Transformers: how can i finetune BertTokenizer?

Created on 31 Jan 2020 · 5Comments · Source: huggingface/transformers

Is it possible to fine tune BertTokenizer so that the new vocab.txt file which it uses gets updated on my custom dataset? or do i need to retrain the bert model from scratch for the same?

wontfix

Source

raj5287

Most helpful comment

You can add new words to the tokenizer with add_tokens:
tokenizer.add_tokens(['newWord', 'newWord2'])
After that you need to resize the dictionary size of the embedding layer with:
model.resize_token_embeddings(len(tokenizer))

cronoik on 1 Feb 2020

👍4 🎉1

All 5 comments

cronoik on 1 Feb 2020

👍4 🎉1

You can add new words to the tokenizer with add_tokens:
tokenizer.add_tokens(['newWord', 'newWord2'])
After that you need to resize the dictionary size of the embedding layer with:
model.resize_token_embeddings(len(tokenizer))

Note that this simply adds a new token to the vocabulary but doesn't train its embedding (obviously). This implies that your results will be quite poor if your training data contains a lot of newly added (untrained) tokens.

BramVanroy on 1 Feb 2020

👍1

@cronoik once the dictionary is resized don't I have to train the tokenizer model again?

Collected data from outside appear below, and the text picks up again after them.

(* Let $(A,B)$ be in canonical form with index set $\mathcal I=\{k_1,\dots,k_m\}$ and controllability index $p$, and let the costs $f_t,g_t$ satisfy the standing assumptions. Define $C:\mathbb R^{mN}\to\mathbb R$ as in the context. Then: (i) $C$ is $\mu_f$-strongly convex and $l_c$-smooth with $l_c=p\,l_f+(p+1)\,l_g\,\|[I_m,\,-A(\mathcal I,:)]\|^2$. (ii) For every $(\mathbf x,\mathbf u)$ with $x_0=0$ and $x_{t+1}=Ax_t+Bu_t$ for $0\le t\le N-1$, setting $z_t=x_t^{\mathcal I}$ ($1\le t\le N$) gives $x_t(\mathbf z)=x_t$, $u_t(\mathbf z)=u_t$ and $C(\mathbf z)=J(\mathbf x,\mathbf u)$. Conversely, for every $\mathbf z\in\mathbb R^{mN}$, the pair $(\mathbf x(\mathbf z),\mathbf u(\mathbf z))$ satisfies $x_{t+1}(\mathbf z)=Ax_t(\mathbf z)+Bu_t(\mathbf z)$, $x_0(\mathbf z)=0$, and $J(\mathbf x(\mathbf z),\mathbf u(\mathbf z))=C(\mathbf z)$. (iii) For each $t$, the stage term $f_t(x_t(\mathbf z))+g_t(u_t(\mathbf z))$ depends only on $z_{t-p+1},\dots,z_{t+1}$.
   Context: Canonical form: $A\in\mathbb R^{n\times n}$, $B\in\mathbb R^{n\times m}$ are in canonical form if there are indices $0=k_0<k_1<\dots<k_m=n$ such that, with $\mathcal I=\{k_1,\dots,k_m\}$ and $e_i$ the standard basis of $\mathbb R^n$: for every $i\notin\mathcal I$ the $i$-th row of $A$ equals $e_{i+1}^\top$; the rows of $A$ indexed by $\mathcal I$ are arbitrary; the $j$-th column of $B$ is $e_{k_j}$. Put $p_i=k_i-k_{i-1}$ and $p=\max_i p_i$ (the controllability index). $A(\mathcal I,:)\in\mathbb R^{m\times n}$ is the matrix formed by rows $k_1,\dots,k_m$ of $A$; for $x\in\mathbb R^n$, $x^{\mathcal I}=(x^{k_1},\dots,x^{k_m})^\top$; $x^i$ is the $i$-th entry. Problem: dynamics $x_{t+1}=Ax_t+Bu_t$ ($0\le t\le N-1$), $x_0=0$; cost $J(\mathbf x,\mathbf u)=\sum_{t=0}^{N-1}[f_t(x_t)+g_t(u_t)]+f_N(x_N)$, $\mathbf x=(x_1,\dots,x_N)$, $\mathbf u=(u_0,\dots,u_{N-1})$. Standing assumptions: each $f_t:\mathbb R^n\to\mathbb R$ ($0\le t\le N$) is $\mu_f$-strongly convex and $l_f$-smooth (gradient $l_f$-Lipschitz); each $g_t:\mathbb R^m\to\mathbb R$ ($0\le t\le N-1$) is convex and $l_g$-smooth; $\mu_f,l_f,l_g>0$; the minimizers $\theta_t=\arg\min f_t$, $\xi_t=\arg\min g_t$ satisfy $\|\theta_t\|\le\bar\theta$, $\|\xi_t\|\le\bar\xi$. Reparametrization: for $\mathbf z=(z_1,\dots,z_N)\in\mathbb R^{mN}$ ($z_t\in\mathbb R^m$, with convention $z_t=0$ for $t\le 0$), set $x_t(\mathbf z)=(z^1_{t-p_1+1},\dots,z^1_t,\ z^2_{t-p_2+1},\dots,z^2_t,\ \dots,\ z^m_{t-p_m+1},\dots,z^m_t)^\top$ for $0\le t\le N$, $u_t(\mathbf z)=z_{t+1}-A(\mathcal I,:)x_t(\mathbf z)$ for $0\le t\le N-1$, and $C(\mathbf z)=\sum_{t=0}^{N}f_t(x_t(\mathbf z))+\sum_{t=0}^{N-1}g_t(u_t(\mathbf z))$. *)

From Stdlib Require Import Reals.
From mathcomp Require Import all_boot.
Set Implicit Arguments. Unset Strict Implicit. Unset Printing Implicit Defensive.
Open Scope R_scope.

@BramVanroy umm.. so what could be the probable solution if I am having a custom data set? How can I can retrain this BertTokenizer Model to get new vocab.txt file?

raj5287 on 4 Feb 2020

👀1

What do you mean with tokenizer model? The tokenizer in simple terms is a class which splits your text in tokens from a huge dictionary. What you have to train is the embedding layer of your model because the weights of the new tokens will be random. This will happen during the training of your model (but it could be undertrained for the new tokens).

In case you have a plenty of new words (e.g. technical terms) or even a different language, it might makes sense to start from scratch (definitely for the later). Here is blogpost from huggingface which shows you how to train a tokenizer+model for Esperanto: link. It really depends on your data (e.g. number of new tokens, importance of new tokens, relation between the tokens...).

cronoik on 18 Feb 2020

🚀2

This issue has been automatically marked as stale because it has not had recent activity. It will be closed if no further activity occurs. Thank you for your contributions.